4.16: An Ounce Of Pain

1191 BCE - Troy

With no specific directives from Athena, Adresteia decided to separate from the Greek army and do things the way she had for decades - independently. It was easy to slip into Troy as a bird. Eagles and owls did draw some attention and apprehension from the superstitious denizens, but no one in the streets was willing to take off running across roof tops to keep an eye on a suspicious owl.


The Trojan leadership maintained an air of optimism and went to great lengths to stir feelings of Trojan supremacy and convey the certainty of victory, while still persuading the people that they needed to adhere to rationing, curfews, and other security measures that had been implemented to make the siege survivable. Beneath that optimism, however, Trojans at every level of society reflected frequently on the fates that would befall them if the city were taken, and across the board, the options were essentially slavery, rape, and death – and the categories weren’t mutually exclusive.

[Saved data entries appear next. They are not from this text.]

Lemma gap_orbit_same_X_gap x r r' :
  component (compl X) x r -> component (compl X) x r' -> gap_orbit r r'.
Proof.
  assert (Hsub : forall t, compl X t -> compl Xi t)
    by (intros t Ht HXi; apply Ht, (X_inf_subset a b), HXi).
  pose proof (compl_periodic _ (X_inf_periodic a b A B Bi Ha Hb Xset_periodic)) as HP.
  intros Hr Hr'. exists (fun x => x). split; [apply G_id|].
  rewrite (component_eq_of_mem _ x r HP), (component_eq_of_mem _ x r' HP);
    [reflexivity | apply (component_mono _ _ _ _ Hsub); assumption ..].
Qed.

Lemma gap_orbit_pg_edge J K r r' : pg_edge a b A B Bi J K -> J r -> K r' -> gap_orbit r r'.
Proof.
  intros [[[x [_ ->]] _] [_ HK]] Hr Hr'.
  destruct HK as [->|[[_ ->]|[_ ->]]].
  - destruct Hr' as [z [Hz ->]]. apply (gap_orbit_trans r z).
    + exact (gap_orbit_same_X_gap x r z Hr Hz).
    + apply gap_orbit_of_in_G, G_a.
  - destruct Hr' as [z [Hz ->]]. apply (gap_orbit_trans r z).
    + exact (gap_orbit_same_X_gap x r z Hr Hz).
    + apply gap_orbit_of_in_G, G_b.
  - apply (gap_orbit_trans r (b r')).
    + exact (gap_orbit_same_X_gap x r (b r') Hr Hr').
    + apply gap_orbit_sym, gap_orbit_of_in_G, G_b.
Qed.

Lemma principal_gap_inhabited J : principal_gap A B Bi J -> exists z, J z.
Proof. intros [[z [Hz ->]] _]. exists z. apply component_self, Hz. Qed.

Definition in_principal_gap (s : R) : Prop := exists J, principal_gap A B Bi J /\ J s.

Lemma gap_orbit_principal r r' : in_principal_gap r -> in_principal_gap r' -> gap_orbit r r'.
Proof.
  intros [J [PJ Hr]] [K [PK Hr']].
  pose proof (proj1 (clos_rst_rst1n_iff _ _ _ _) (principal_gaps_connected J K PJ PK)) as Hpath.
  clear PK. revert Hr' r Hr PJ. induction Hpath as [J|J L K Hedge _ IH]; intros Hr' r Hr PJ.
  - destruct PJ as [[x [_ ->]] _]. exact (gap_orbit_same_X_gap x r r' Hr Hr').
  - assert (PL : principal_gap A B Bi L) by (destruct Hedge as [[_ [PL _]]|[PL _]]; exact PL).
    destruct (principal_gap_inhabited L PL) as [z Hz].
    apply (gap_orbit_trans r z); [|exact (IH Hr' z Hz PL)].
    destruct Hedge as [Hedge|Hedge].
    + exact (gap_orbit_pg_edge _ _ r z Hedge Hr Hz).
    + exact (gap_orbit_sym _ _ (gap_orbit_pg_edge _ _ z r Hedge Hz Hr)).
Qed.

Troy had been attacked by the Greeks before, under Herakles. The men of Priam’s family had led the Trojan army into battle and engaged the Greeks valiantly. But the Greeks had Herakles, and a number of old Argonauts, at the head of their forces. Priam’s brothers, uncles, and father had been slaughtered wholesale. Priam had been fortunate enough to be captured on the battlefield by Teucer and Ajax’s father, rather than crushed underfoot by Herakles. Fortunately for the Trojans, Priam’s older sister had negotiated a dignified surrender, using herself, one of Troy’s last remaining heirs, as collateral.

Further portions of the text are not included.